The microcapsules had good solubility of 90.45% in freeze-drying, 95.95% in spray-drying and 95.95% in microwave-drying samples. The highest solubility was found with spray-drying and in microwave-drying samples because produced small size particles which submerged and dissolved rapidly in water. High solubility is desired since it increases the bioavailability of the encapsulated products [55,56]. In accordance with several studies [55,57], the present study revealed high solubilities (>90%) of the powders produced with maltodextrin. Independently to the drying techniques, the use of maltodextrin as the encapsulating agent facilitated the solubility of the powders, since maltodextrin has shown good solubility attributed to its hydrophilic character [57].

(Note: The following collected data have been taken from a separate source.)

(* For $n\ge2$, consider the IID instance in which each of the $n$ actions independently has a good type with (receiver, sender) values $(1,1)$ with probability $1/n$ and a bad type with values $(0,0)$ with probability $1-1/n$. Then for every $k\in\{2,\dots,n\}$, $\operatorname{OPT}_k\le\frac{e}{e-1}\cdot\frac kn\cdot\operatorname{OPT}_n$.
   Context: Bayesian persuasion: receiver chooses one of actions $[n]$; the sender observes the state (types of all actions) and sends one of $k$ signals according to a committed scheme; the receiver picks an action maximizing her conditional expected value given the signal, ties broken in favor of the sender. $\operatorname{OPT}_k$ denotes the maximal expected sender utility over all schemes with $k$ signals. *)

From HB Require Import structures.
From mathcomp Require Import all_boot all_order all_algebra.
From mathcomp Require Import all_classical all_reals all_analysis.
Set Implicit Arguments. Unset Strict Implicit. Unset Printing Implicit Defensive.
Import Order.TTheory GRing.Theory Num.Theory.
Local Open Scope classical_set_scope.
Local Open Scope ring_scope.

Section Persuasion.
Variables (R : realType) (T A : finType).
(* T : finite state space (type profile), A : actions,
   p : prior over states, r / u : receiver / sender value of an action in a state *)
Variables (p : T -> R) (r u : T -> A -> R).

(* A signaling scheme with k signals: phi s j = Pr[signal j | state s]. *)
Definition is_scheme (k : nat) (phi : T -> 'I_k -> R) : Prop :=
  (forall s j, 0 <= phi s j) /\ (forall s, \sum_(j < k) phi s j = 1).

(* Joint (unnormalized) expected receiver / sender value of action i with signal j:
   Pr[signal j] * E[value of i | signal j]. *)
Definition rec_val k (phi : T -> 'I_k -> R) (j : 'I_k) (i : A) : R :=
  \sum_(s : T) p s * phi s j * r s i.
Definition snd_val k (phi : T -> 'I_k -> R) (j : 'I_k) (i : A) : R :=
  \sum_(s : T) p s * phi s j * u s i.

(* Receiver-optimal actions under signal j (argmax of conditional expected
   receiver value; scaling by Pr[signal j] does not change the argmax, and
   signals of probability 0 contribute 0 anyway). *)
Definition rec_opt k (phi : T -> 'I_k -> R) (j : 'I_k) (i : A) : bool :=
  [forall i' : A, rec_val phi j i' <= rec_val phi j i].

(* Sender's (joint) utility from signal j, ties broken in favour of the sender. *)
Definition snd_util_sig k (phi : T -> 'I_k -> R) (j : 'I_k) : R :=
  fine (\big[Order.max/-oo%E]_(i : A | rec_opt phi j i) (snd_val phi j i)%:E).

Definition snd_util k (phi : T -> 'I_k -> R) : R :=
  \sum_(j < k) snd_util_sig phi j.

Definition OPT (k : nat) : R :=
  sup [set v | exists phi : T -> 'I_k -> R, is_scheme phi /\ v = snd_util phi].
End Persuasion.

(* The IID instance: state = type of each action (true = good). *)
Definition iid_prior (R : realType) (n : nat) (s : {ffun 'I_n -> bool}) : R :=
  \prod_(i < n) (if s i then n%:R^-1 else 1 - n%:R^-1).
Definition iid_val (R : realType) (n : nat) (s : {ffun 'I_n -> bool}) (i : 'I_n) : R :=
  if s i then 1 else 0.

Definition OPT_iid (R : realType) (n k : nat) : R :=
  OPT (@iid_prior R n) (@iid_val R n) (@iid_val R n) k.

(* Sender and receiver values coincide, so the sender
   gets, for each signal j, the (joint) value of a receiver-optimal action,
   i.e. max_i Pr[j, action i good] <= Pr[action i good] = 1/n.  Summing over
   the k signals gives OPT_k <= k/n.

   The scheme "send the index of some good action (any
   fixed signal if none is good)" makes the recommended action good whenever
   a good action exists, so OPT_n >= 1 - (1 - 1/n)^n >= 1 - 1/e, using
   1 - x <= exp(-x). *)
From HB Require Import structures.
From mathcomp Require Import all_boot all_order all_algebra.
From mathcomp Require Import all_classical all_reals all_analysis.
From mathcomp Require Import ring.
Import Order.TTheory GRing.Theory Num.Theory.
Local Open Scope ring_scope.

Section GeneralInstance.
Variables (R : realType) (T A : finType) (p : T -> R) (r u : T -> A -> R).

Lemma snd_util_sig_le k (phi : T -> 'I_k -> R) (j : 'I_k) (M : R) :
  (forall i, snd_val p u phi j i <= M) -> 0 <= M ->
  snd_util_sig p r u phi j <= M.
Proof.
move=> le_M M_ge0; rewrite /snd_util_sig.
have : (\big[Order.max/-oo%E]_(i | rec_opt p r phi j i)
          (snd_val p u phi j i)%:E <= M%:E)%E.
  apply: (big_ind (fun x => x <= M%:E)%E) => //; first exact: leNye.
  - by move=> x y hx hy; rewrite ge_max hx hy.
  - by move=> i _; rewrite lee_fin.
by case: (\big[_/_]_(_ | _) _) => //= x; rewrite lee_fin.
Qed.

(* With aligned values (u = r) the sender gets, under signal j, at least the
   joint value of any action: the receiver picks a value-maximising action. *)
Lemma rec_val_le_snd_util_sig k (phi : T -> 'I_k -> R) (j : 'I_k) (i0 : A) :
  rec_val p r phi j i0 <= snd_util_sig p r r phi j.
Proof.
have [im _ im_max] := @arg_maxP _ _ _ i0 predT (rec_val p r phi j) isT.
have im_opt : rec_opt p r phi j im by apply/forallP => i; apply: im_max.
rewrite /snd_util_sig.
set m := (\big[Order.max/-oo%E]_(i | rec_opt p r phi j i)
            (snd_val p r phi j i)%:E).
have m_fin : (m != +oo)%E.
  by apply: (big_ind (fun x => x != +oo)%E) => // x y ? ?; case: leP.
have im_le_m : ((snd_val p r phi j im)%:E <= m)%E.
  by rewrite /m (bigD1 im) //= le_max lexx.
move: m_fin im_le_m; case: m => //= x _; rewrite lee_fin.
exact: le_trans (im_max i0 isT).
Qed.

(* A uniform bound on the utility of k-signal schemes bounds OPT_k
   (for k > 0, where k-signal schemes exist). *)
Lemma OPT_le k (B : R) : (0 < k)%N ->
  (forall phi : T -> 'I_k -> R, is_scheme phi -> snd_util p r u phi <= B) ->
  OPT p r u k <= B.
Proof.
move=> k_gt0 le_B; apply: ge_sup; last by move=> x [phi [hphi ->]]; exact: le_B.
pose phi0 (s : T) (j : 'I_k) : R := (j == Ordinal k_gt0)%:R.
have phi0_scheme : is_scheme phi0.
  split=> [s j|s]; rewrite /phi0; first by rewrite ler0n.
  by rewrite (bigD1 (Ordinal k_gt0)) //= big1 ?addr0 // => j /negbTE ->.
by exists (snd_util p r u phi0), phi0.
Qed.

Lemma snd_util_le_OPT k (B : R) (phi : T -> 'I_k -> R) :
  (forall psi : T -> 'I_k -> R, is_scheme psi -> snd_util p r u psi <= B) ->
  is_scheme phi -> snd_util p r u phi <= OPT p r u k.
Proof.
move=> le_B hphi; apply: sup_upper_bound; last by exists phi.
split; first by exists (snd_util p r u phi), phi.
by exists B => x [psi [hpsi ->]]; exact: le_B.
Qed.

End GeneralInstance.

Section IIDInstance.
Variables (R : realType) (n : nat).
Hypothesis n_gt0 : (0 < n)%N.
Local Notation state := {ffun 'I_n -> bool}.
Local Notation p := (@iid_prior R n).
Local Notation v := (@iid_val R n).
Local Notation q := (n%:R^-1 : R).

Lemma q_ge0 : 0 <= q. Proof. by rewrite invr_ge0 ler0n. Qed.

Lemma q_le1 : q <= 1. Proof. by rewrite invf_le1 ?ler1n ?ltr0n. Qed.

Lemma iid_prior_ge0 s : 0 <= p s.
Proof.
apply: prodr_ge0 => i _; case: (s i); first exact: q_ge0.
by rewrite subr_ge0 q_le1.
Qed.

Lemma iid_val_ge0 s i : 0 <= v s i.
Proof. by rewrite /iid_val; case: (s i). Qed.

Lemma iid_prior_sum : \sum_s p s = 1.
Proof.
rewrite /iid_prior -(bigA_distr_bigA (fun _ (b : bool) => if b then q else 1 - q)).
by rewrite big1 // => i _; rewrite big_bool /= addrC subrK.
Qed.

(* Each action is good with probability 1/n: expanding the product prior,
   the factor for action i contributes q and every other factor sums to 1. *)
Lemma iid_prior_good i : \sum_s p s * v s i = q.
Proof.
pose w (l : 'I_n) (b : bool) : R :=
  (if b then q else 1 - q) * (if l == i then (if b then 1 else 0) else 1).
transitivity (\prod_(l < n) \sum_(b : bool) w l b).
  rewrite bigA_distr_bigA; apply: eq_bigr => s _; rewrite big_split /=.
  congr (_ * _); rewrite (bigD1 i) //= eqxx big1 ?mulr1 // => l /negbTE -> //.
rewrite (bigD1 i) //= [X in _ * X]big1 => [|l /negbTE hl].
  by rewrite big_bool /w /= eqxx mulr1 mulr0 addr0 mulr1.
by rewrite big_bool /w /= hl !mulr1 addrC subrK.
Qed.

(* Pr[signal j and action i good] <= Pr[action i good] = 1/n. *)
Lemma iid_rec_val_le k (phi : state -> 'I_k -> R) j i :
  is_scheme phi -> rec_val p v phi j i <= q.
Proof.
move=> [phi_ge0 phi_sum1]; rewrite /rec_val -(iid_prior_good i).
apply: ler_sum => s _; rewrite mulrAC -[leRHS]mulr1.
apply: ler_wpM2l; first by rewrite mulr_ge0 ?iid_prior_ge0 ?iid_val_ge0.
by rewrite -(phi_sum1 s) (bigD1 j) //= lerDl sumr_ge0.
Qed.

Lemma iid_snd_util_le k (phi : state -> 'I_k -> R) :
  is_scheme phi -> snd_util p v v phi <= k%:R * q.
Proof.
move=> hphi; apply: le_trans (_ : \sum_(j < k) q <= _); last first.
  by rewrite sumr_const card_ord mulr_natl.
rewrite /snd_util; apply: ler_sum => j _.
apply: snd_util_sig_le; last exact: q_ge0.
by move=> i; exact: iid_rec_val_le.
Qed.

Lemma iid_OPT_le k : (0 < k)%N -> OPT_iid R n k <= k%:R * q.
Proof. by move=> k_gt0; apply: OPT_le => //; exact: iid_snd_util_le. Qed.

Definition reveal_good (j0 : 'I_n) (s : state) (j : 'I_n) : R :=
  if [pick i | s i] is Some i then (j == i)%:R else (j == j0)%:R.

Lemma reveal_good_scheme j0 : is_scheme (reveal_good j0).
Proof.
split=> [s j|s]; rewrite /reveal_good.
  by case: pickP => [? _|_]; rewrite ler0n.
by case: pickP => [i _|_]; [set c := i | set c := j0];
  rewrite (bigD1 c) //= eqxx big1 ?addr0 // => j /negbTE ->.
Qed.

Lemma reveal_good_hits j0 s :
  \sum_j reveal_good j0 s j * v s j = 1 - (s == [ffun => false])%:R.
Proof.
rewrite /reveal_good; case: pickP => [i si|none_good].
  have s_ne0 : (s == [ffun => false]) = false.
    by apply/negbTE/eqP => s0; move: si; rewrite s0 ffunE.
  rewrite s_ne0 subr0 (bigD1 i) //= eqxx big1 ?addr0; first by rewrite /iid_val si mul1r.
  by move=> j /negbTE ->; rewrite mul0r.
have -> : s = [ffun => false] by apply/ffunP => i; rewrite ffunE; exact: none_good.
by rewrite eqxx subrr big1 // => j _; rewrite /iid_val ffunE mulr0.
Qed.

Lemma reveal_good_util j0 :
  1 - (1 - q) ^+ n <= snd_util p v v (reveal_good j0).
Proof.
apply: le_trans (_ : \sum_j rec_val p v (reveal_good j0) j j <= _); last first.
  by apply: ler_sum => j _; exact: rec_val_le_snd_util_sig.
rewrite le_eqVlt; apply/orP; left; apply/eqP.
rewrite /rec_val exchange_big /=.
under eq_bigr => s _.
  rewrite (eq_bigr (fun j => p s * (reveal_good j0 s j * v s j))); last first.
    by move=> j _; rewrite mulrA.
  rewrite -mulr_sumr reveal_good_hits mulrBr mulr1.
over.
rewrite sumrB iid_prior_sum (bigD1 [ffun => false]) //= eqxx mulr1.
rewrite big1 ?addr0 => [|s /negbTE ->]; last by rewrite mulr0.
rewrite /iid_prior (eq_bigr (fun _ => 1 - q)) => [|i _]; last by rewrite ffunE.
by rewrite prodr_const card_ord.
Qed.

Lemma iid_OPT_n_ge : 1 - (1 - q) ^+ n <= OPT_iid R n n.
Proof.
apply: le_trans (reveal_good_util (Ordinal n_gt0)) _.
apply: snd_util_le_OPT; first exact: iid_snd_util_le.
exact: reveal_good_scheme.
Qed.

(* (1 - 1/n)^n <= 1/e, from 1 - x <= exp(-x). *)
Lemma one_sub_q_pow_le : (1 - q) ^+ n <= expR (-1).
Proof.
apply: le_trans (_ : expR (- q) ^+ n <= _).
  apply: lerXn2r; rewrite ?nnegrE ?subr_ge0 ?q_le1 ?expR_ge0 //.
  exact: expR_ge1Dx.
by rewrite -expRM_natl mulrN mulfV ?pnatr_eq0 -?lt0n.
Qed.

Lemma iid_OPT_n_large : 1 <= expR 1 / (expR 1 - 1) * OPT_iid R n n.
Proof.
have e_gt1 : 1 < expR (1 : R) by rewrite expR_gt1.
have OPT_ge : 1 - (expR 1)^-1 <= OPT_iid R n n.
  apply: le_trans iid_OPT_n_ge; rewrite lerD2l lerN2 -expRN.
  exact: one_sub_q_pow_le.
apply: le_trans (_ : expR 1 / (expR 1 - 1) * (1 - (expR 1)^-1) <= _).
  by rewrite le_eqVlt; apply/orP; left; apply/eqP; field;
     rewrite ?subr_eq0 ?gt_eqF // (lt_trans ltr01).
by apply: ler_wpM2l => //; rewrite divr_ge0 ?expR_ge0 // subr_ge0 ltW.
Qed.

End IIDInstance.

Theorem lemma5p2 (R : realType) (n k : nat) :
  (2 <= n)%N -> (2 <= k <= n)%N ->
  OPT_iid R n k <=
    expR 1 / (expR 1 - 1) * (k%:R / n%:R) * OPT_iid R n n.
Proof.
move=> n_ge2 /andP[k_ge2 _].
have n_gt0 : (0 < n)%N by apply: leq_trans n_ge2.
have k_gt0 : (0 < k)%N by apply: leq_trans k_ge2.
have OPT_k_le := iid_OPT_le R n n_gt0 k k_gt0.
apply: le_trans OPT_k_le _.
rewrite (mulrC (expR 1 / _)) -mulrA -[leLHS]mulr1.
apply: ler_wpM2l; first by rewrite divr_ge0 ?ler0n.
exact: iid_OPT_n_large R n n_gt0.
Qed.
(* Let $a,c\in\mathbb{C}$ with $c\notin\{0,-1,-2,\dots\}$. Then for all $x\in\mathbb{C}$, $$\phi_2(a,a;c;x,-x)={}_1F_2\!\left[\begin{array}{c}a\\ \tfrac12 c,\ \tfrac12 c+\tfrac12\end{array};\frac{x^2}{4}\right]=\sum_{k=0}^\infty\frac{(a)_k}{(\tfrac12 c)_k(\tfrac12 c+\tfrac12)_k}\frac{(x^2/4)^k}{k!}.$$ In particular, if $2a\notin\{0,-1,-2,\dots\}$, then $$\phi_2(a,a;2a;x,-x)={}_0F_1\!\left[\begin{array}{c}-\\ a+\tfrac12\end{array};\frac{x^2}{4}\right]=\sum_{k=0}^\infty\frac{1}{(a+\tfrac12)_k}\frac{(x^2/4)^k}{k!}.$$
   Context: $(\lambda)_n=\Gamma(\lambda+n)/\Gamma(\lambda)$ denotes the Pochhammer symbol. Humbert's function $\phi_2$ is defined by $$\phi_2(a,b;c;x,y)=\sum_{n=0}^\infty\sum_{k=0}^\infty\frac{(a)_n(b)_k}{(c)_{n+k}}\frac{x^n y^k}{n!\,k!},$$ convergent for all $x,y\in\mathbb{C}$ when $c\notin\{0,-1,-2,\dots\}$. *)

From Stdlib Require Import Reals Arith Factorial.
Open Scope R_scope.

Definition Cx : Type := (R * R)%type.

Definition RtoC (r : R) : Cx := (r, 0).
Definition Cadd (z w : Cx) : Cx := (fst z + fst w, snd z + snd w).
Definition Copp (z : Cx) : Cx := (- fst z, - snd z).
Definition Csub (z w : Cx) : Cx := Cadd z (Copp w).
Definition Cmul (z w : Cx) : Cx :=
  (fst z * fst w - snd z * snd w, fst z * snd w + snd z * fst w).
Definition Cinv (z : Cx) : Cx :=
  let d := fst z * fst z + snd z * snd z in (fst z / d, - snd z / d).
Definition Cdiv (z w : Cx) : Cx := Cmul z (Cinv w).
Definition Cmod (z : Cx) : R := sqrt (fst z * fst z + snd z * snd z).
Definition C0 : Cx := RtoC 0.
Definition C1 : Cx := RtoC 1.
Definition natC (n : nat) : Cx := RtoC (INR n).

Fixpoint Cpow (z : Cx) (n : nat) : Cx :=
  match n with O => C1 | S m => Cmul (Cpow z m) z end.

Fixpoint poch (l : Cx) (n : nat) : Cx :=
  match n with O => C1 | S m => Cmul (poch l m) (Cadd l (natC m)) end.

Fixpoint Csum (f : nat -> Cx) (N : nat) : Cx :=
  match N with O => f O | S M => Cadd (Csum f M) (f (S M)) end.

Definition Cseq_cv (u : nat -> Cx) (L : Cx) : Prop :=
  forall eps : R, eps > 0 -> exists N : nat, forall n : nat, (n >= N)%nat ->
    Cmod (Csub (u n) L) < eps.

Definition not_nonpos_int (z : Cx) : Prop := forall m : nat, z <> RtoC (- INR m).

Definition phi2_term (a b c x y : Cx) (n k : nat) : Cx :=
  Cdiv (Cmul (Cmul (poch a n) (poch b k)) (Cmul (Cpow x n) (Cpow y k)))
       (Cmul (poch c (n + k)) (natC (fact n * fact k))).

(* Triangular partial sums: sum over n + k <= N. *)
Definition phi2_partial (a b c x y : Cx) (N : nat) : Cx :=
  Csum (fun M => Csum (fun n => phi2_term a b c x y n (M - n)) M) N.

Definition phi2_sums_to (a b c x y L : Cx) : Prop :=
  Cseq_cv (phi2_partial a b c x y) L.

Definition series_sums_to (t : nat -> Cx) (L : Cx) : Prop :=
  Cseq_cv (Csum t) L.

Definition half : Cx := RtoC (1/2).
(* Let $A,B,C,D$ be finite-dimensional Hilbert spaces with $|A||B|=|C||D|$, let $U_{AB\to CD}$ be a maximally $I_3$-scrambling unitary, i.e. $I_3=-2\log\min\{|A|,|B|,|C|,|D|\}$ on its Choi state $\rho_{ABCD}$. If $A$ or $C$ has the smallest dimension among the four subsystems, then $\rho_{AC}$ is maximally mixed and $I(A;C)=0$. As a consequence, the residual channel $\mathcal N_{A\to C}[\sigma_A]=\mathrm{tr}_D[U(\sigma_A\otimes\tau_B)U^\dagger]$ is completely depolarizing, i.e. $\mathcal N_{A\to C}[\sigma_A]=\tau_C$ for every state $\sigma_A$.
   Context: $|X|$ denotes dimension and $\tau_X$ the maximally mixed state on $X$. The Choi state of $U_{AB\to CD}$ is $\rho_{ABCD}=U_{A'B'\to CD}(\Phi^+_{AA'}\otimes\Phi^+_{BB'})U^\dagger$ with $\Phi^+_{XX'}=|X|^{-1/2}\sum_i|ii\rangle$. Entropies are von Neumann with base-2 logarithms, $I(X;Y)=S(X)+S(Y)-S(XY)$, and the tripartite information is $I_3=I_3(A;C;D)=I(A;C)+I(A;D)-I(A;CD)$ evaluated on the Choi state. *)

From HB Require Import structures.
From mathcomp Require Import all_boot all_order all_algebra.
From mathcomp Require Import reals exp.
From mathcomp.real_closed Require Import complex.

Set Implicit Arguments.
Unset Strict Implicit.
Unset Printing Implicit Defensive.

Import Order.TTheory GRing.Theory Num.Theory.
Local Open Scope ring_scope.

The bulk and tapped bulk densities are essential criteria for storage and packaging. The powders that displayed low bulk densities are more subjected to oxidation and have low storage stability because of more air between their cavities [58]. As can be seen in Table 7, the powder produced by microwave-drying provided significantly higher bulk density (0.49 g/cm³) than those of spray-drying powder (0.20 g/cm³) and freeze-drying (0.11 g/cm³). Likewise, the powder produced by microwave-drying had significantly higher tapped bulk density (0.59 g/cm³) than those of spray-drying (0.39 g/cm³) and freeze-drying (0.15 g/cm³). Peleg and Bagley [59] have affirmed that the bulk density of food processed to powder varies from 0.4 to 0.95. Not far from our findings, Che Man et al. [60] have found that the spray-dried products had a higher density than freeze-dried products. Carr’s index is generally used to evaluate the flow properties of powders. Carr’s index was 17.00, 27.00 and 48.00% for microwave, freeze and spray-dried products, respectively. According to the classification of Turchiuli et al. [61], microwave, freeze and spray-dried samples represented good, bad and very bad flowability, respectively. The bad Carr’s index of freeze and spray-dried samples might be due to higher moisture content which causes particles to stick and increases the resistance to flow [62]. It might also due small size and irregular shape of these microcapsules [61,62].

4. Conclusions

The response surface methodology was applied to determine the conditions that provide the highest values of TPC, TFC, FRAP and DPPH of cornsilk. The optimum conditions were 0.5 g for solid load, 62.10 min for decoction time and 80 °C for temperature. At the optimum conditions, the predicted results were 46.39 mg GAE/g, 6.29 mg ECE/g, 109.28 mmol TE/g, and 160.72 mmol ISE/g for TPC, TFC, DPPH radical scavenging, and FRAP, respectively, whereas the experimental results were found close to the predicted values as 58.87 ± 1.38 mg GAE/g, 6.64 ± 0.12 mg ECE/g, 132.63 ± 1.66 mmol TE/g, and 172.30 ± 3.40 for TPC, TFC, DPPH radical scavenging, and FRAP, respectively. The efficiency of 98.85 ± 0.90%, 97.95 ± 4.21%, 70.39 ± 6.20%, 82.45 ± 0.89% was obtained for TPC, TFC, DPPH radical scavenging, and FRAP, respectively. The results of antioxidant properties showed that the freeze-drying provided the highest efficiency. The highest recovery of phenolic compounds, microstructure, thermograms, and FTIR of the encapsulated samples showed that the encapsulation process was successful, and the freeze-drying was the best drying technique. The glass transition temperatures were 148.25 °C, 143.40 °C, and 171.09 °C for freeze-dried, spray-dried, and microwave-dried samples. The microwave-dried samples displayed the highest bulk and tapped bulk densities, which are desirable. However, the spray-dried samples had increased water activity, while the lowest values were found in freeze-dried and microwave-dried samples. This work confirmed the feasibility of the encapsulation of phenolic compounds of a cornsilk extract with maltodextrin using freeze-drying, spray-drying, and microwave-drying. Further studies should be carried out on the bioavailability and anti-microbial properties of the encapsulated products.